1.2. A herança imperial: visões do poder moderador sob a monarquia.

Tendo em vista a grade dos três institutos referidos na seção anterior, que reivindicam para suas titulares a condição de “moderadores”, se torna possível examinar as diferentes lógicas teóricas e doutrinárias do problema do poder moderador na história constitucional brasileira. No que diz respeito ao ângulo da excepcionalidade, a Constituição do Império do Brasil de 25 de março de 1824 previa, em seu artigo 179 XXXV, a possibilidade de suspensão das garantias constitucionais pelo Poder Legislativo em casos de rebelião ou invasão estrangeira e, em sua ausência, em caso de perigo iminente, pelo Executivo. Era definido pelo principal constitucionalista do Império, o marquês de São Vicente, como “um ato anormal, que atesta que a sociedade se acha em posição extraordinária, e tal que demanda meios fora do comum ou regulares” (São Vicente, 2002:522). Foi o ministro da Justiça de 1842, Paulino José Soares de Sousa, futuro visconde do Uruguai, que explicou a racionalidade do estado de exceção no período imperial: “O poder, quando suspende as garantias, exerce uma ditadura” (ACD, 7/2/1843). Mas ela justificava-se por seus fins constitucionais. Era porque amava a liberdade que o governo deveria “empregar todos os meios para salvar o país do espírito revolucionário, porque este produz a anarquia e a anarquia destrói, mata a liberdade, a qual somente pode prosperar com a ordem” (In: Sousa, 1944:163).
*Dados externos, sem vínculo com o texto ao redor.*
(* Let $\gamma:[0,l]\times[0,w)\to E_1^4$, $(s,t)\mapsto\gamma(s,t)$, be a smooth inextensible one-parameter family of partially null curves in $E_1^4$ parametrized by arclength, i.e. $\left\|\frac{\partial\gamma}{\partial s}\right\|\equiv1$, with Frenet frame $\{T,N,B_1,B_2\}$, curvatures $k_1,k_2$ (and $k_3\equiv0$), and write $$\frac{\partial\gamma}{\partial t}=\beta_1T+\beta_2N+\beta_3B_1+\beta_4B_2$$ with smooth scalar functions $\beta_i$. Put $\psi_1=\langle\frac{\partial N}{\partial t},B_1\rangle$, $\psi_2=\langle\frac{\partial N}{\partial t},B_2\rangle$, $\psi_3=\langle\frac{\partial B_1}{\partial t},B_2\rangle$. Then $$\frac{\partial T}{\partial t}=\Big(\frac{\partial\beta_2}{\partial s}+\beta_1k_1-\beta_4k_2\Big)N+\Big(\frac{\partial\beta_3}{\partial s}+\beta_2k_2\Big)B_1+\frac{\partial\beta_4}{\partial s}B_2,$$ $$\frac{\partial N}{\partial t}=-\Big(\frac{\partial\beta_2}{\partial s}+\beta_1k_1-\beta_4k_2\Big)T+\psi_2B_1+\psi_1B_2,$$ $$\frac{\partial B_1}{\partial t}=-\frac{\partial\beta_4}{\partial s}T-\psi_1N+\psi_3B_1,$$ $$\frac{\partial B_2}{\partial t}=-\Big(\frac{\partial\beta_3}{\partial s}+k_2\beta_2\Big)T-\psi_2N-\psi_3B_2.$$
   Context: $E_1^4$ is $\mathbb{R}^4$ with the Lorentzian metric $\langle x,y\rangle=-x_1y_1+x_2y_2+x_3y_3+x_4y_4$ and $\|x\|=\sqrt{|\langle x,x\rangle|}$. A partially null curve is a spacelike curve whose first binormal is a null vector. For such a curve parametrized by arclength $s$, its Frenet frame $\{T,N,B_1,B_2\}$ ($T=\partial\gamma/\partial s$) satisfies $\langle T,T\rangle=\langle N,N\rangle=1$, $\langle B_1,B_1\rangle=\langle B_2,B_2\rangle=0$, $\langle B_1,B_2\rangle=1$, all other inner products zero, and the Frenet equations $T'=k_1N$, $N'=-k_1T+k_2B_1$, $B_1'=k_3B_1$, $B_2'=-k_2N-k_3B_2$, with $k_3\equiv0$. In the family, each $s\mapsto\gamma(s,t)$ is such a curve and frame and curvatures are smooth in $(s,t)$. The flow is inextensible if $\frac{\partial}{\partial t}\|\partial\gamma/\partial u\|=0$; with the arclength parametrization $\|\partial\gamma/\partial s\|\equiv1$ for all $t$. *)

From Stdlib Require Import Reals List.
From Coquelicot Require Import Coquelicot.
Open Scope R_scope.
(* Let $|X|=4$ and let $\sigma^+$ be a rooted binary metric species tree on $X$. Then the unrooted metric species tree $\sigma^-$ is identifiable from $\mathbb P_{\sigma^+}$: whenever $\sigma_1^+,\sigma_2^+$ are rooted binary metric species trees on $X$ with $\mathbb P_{\sigma_1^+}=\mathbb P_{\sigma_2^+}$, one has $\sigma_1^-=\sigma_2^-$. However, $\sigma^+$ is not identifiable from $\mathbb P_{\sigma^+}$: there exist rooted binary metric species trees $\sigma_1^+\ne\sigma_2^+$ on $X$ with $\mathbb P_{\sigma_1^+}=\mathbb P_{\sigma_2^+}$.
   Context: Let $X$ be a finite set of $n$ taxa. A rooted binary metric species tree on $X$ is a pair $\sigma^+=(\psi^+,\lambda^+)$. Here $\psi^+$ is a rooted binary tree topology with leaves bijectively labeled by $X$, and $\lambda^+$ gives strictly positive lengths, in coalescent units, to its $n-2$ internal edges. Pendant edge lengths are unspecified. Multispecies coalescent model, one lineage per taxon. One gene lineage starts at each leaf, and no coalescence occurs on pendant edges. Going backward in time, in each internal edge (population), the lineages entering from the child edges coalesce pairwise at rate 1 each (total rate $\binom{i}{2}$ with $i$ lineages, merging pair uniformly random) for a time equal to the edge length. Above the root, lineages coalesce in the same way until one remains. The resulting rooted gene tree, with its root forgotten, is an unrooted binary leaf-labeled topology. $\mathbb P_{\sigma^+}$ is the induced distribution on the set $\mathcal T_X$ of unrooted binary leaf-labeled topologies on $X$. The unrooted metric species tree $\sigma^-=(\psi^-,\lambda^-)$ is obtained by suppressing the root of $\sigma^+$: - If the root is incident to two internal edges, they merge into one internal edge whose length is the sum. - If the root is incident to a pendant edge, the merged edge is pendant and has no length. - Other internal edge lengths are kept. *)

From Stdlib Require Import Reals.
From Coquelicot Require Import Coquelicot.
From mathcomp Require Import all_boot.

Set Implicit Arguments.
Unset Strict Implicit.
Unset Printing Implicit Defensive.

Local Open Scope R_scope.
Section MSC.
Variable X : finType.

Definition sumR {T : Type} (s : seq T) (f : T -> R) : R :=
  foldr (fun x acc => Rplus (f x) acc) 0 s.

Definition b2R (b : bool) : R := if b then 1 else 0.

(* A rooted binary tree topology on X is encoded by its set of clusters
   (leaf sets below each node): X itself (the root), all singletons (leaves),
   pairwise compatible, and every non-leaf cluster is the disjoint union of two
   (nonempty) clusters of the hierarchy (its two children). *)
Definition rooted_binary (H : {set {set X}}) : Prop :=
  [/\ setT \in H,
      (forall x : X, [set x] \in H),
      set0 \notin H,
      (forall A B, A \in H -> B \in H ->
          [|| A \subset B, B \subset A | [disjoint A & B]]) &
      (forall C, C \in H -> (1 < #|C|)%N ->
          exists A B, [/\ A \in H, B \in H, [disjoint A & B] & A :|: B = C])].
A estabilidade do reinado de Dom Pedro II foi garantida, do ponto de vista institucional, pelo Poder Moderador inspirado na doutrina liberal de Benjamin Constant. Na forma de um quarto poder de caráter arbitral, de competência privativa do chefe do Estado, ele tinha por principais funções dissolver a Câmara dos Deputados, nomear e demitir ministros e escolher senadores provinciais a partir das listas dos mais votados. O exercício do Poder Moderador dependia da oitiva do Conselho de Estado que, além de aconselhá-lo politicamente, auxiliava os gabinetes no âmbito administrativo dando pareceres em matéria de relações exteriores, justiça, guerra, fazenda etc. – e preparando projetos de leis, na qualidade de “cérebro da monarquia” (Guandalini Jr., 2016).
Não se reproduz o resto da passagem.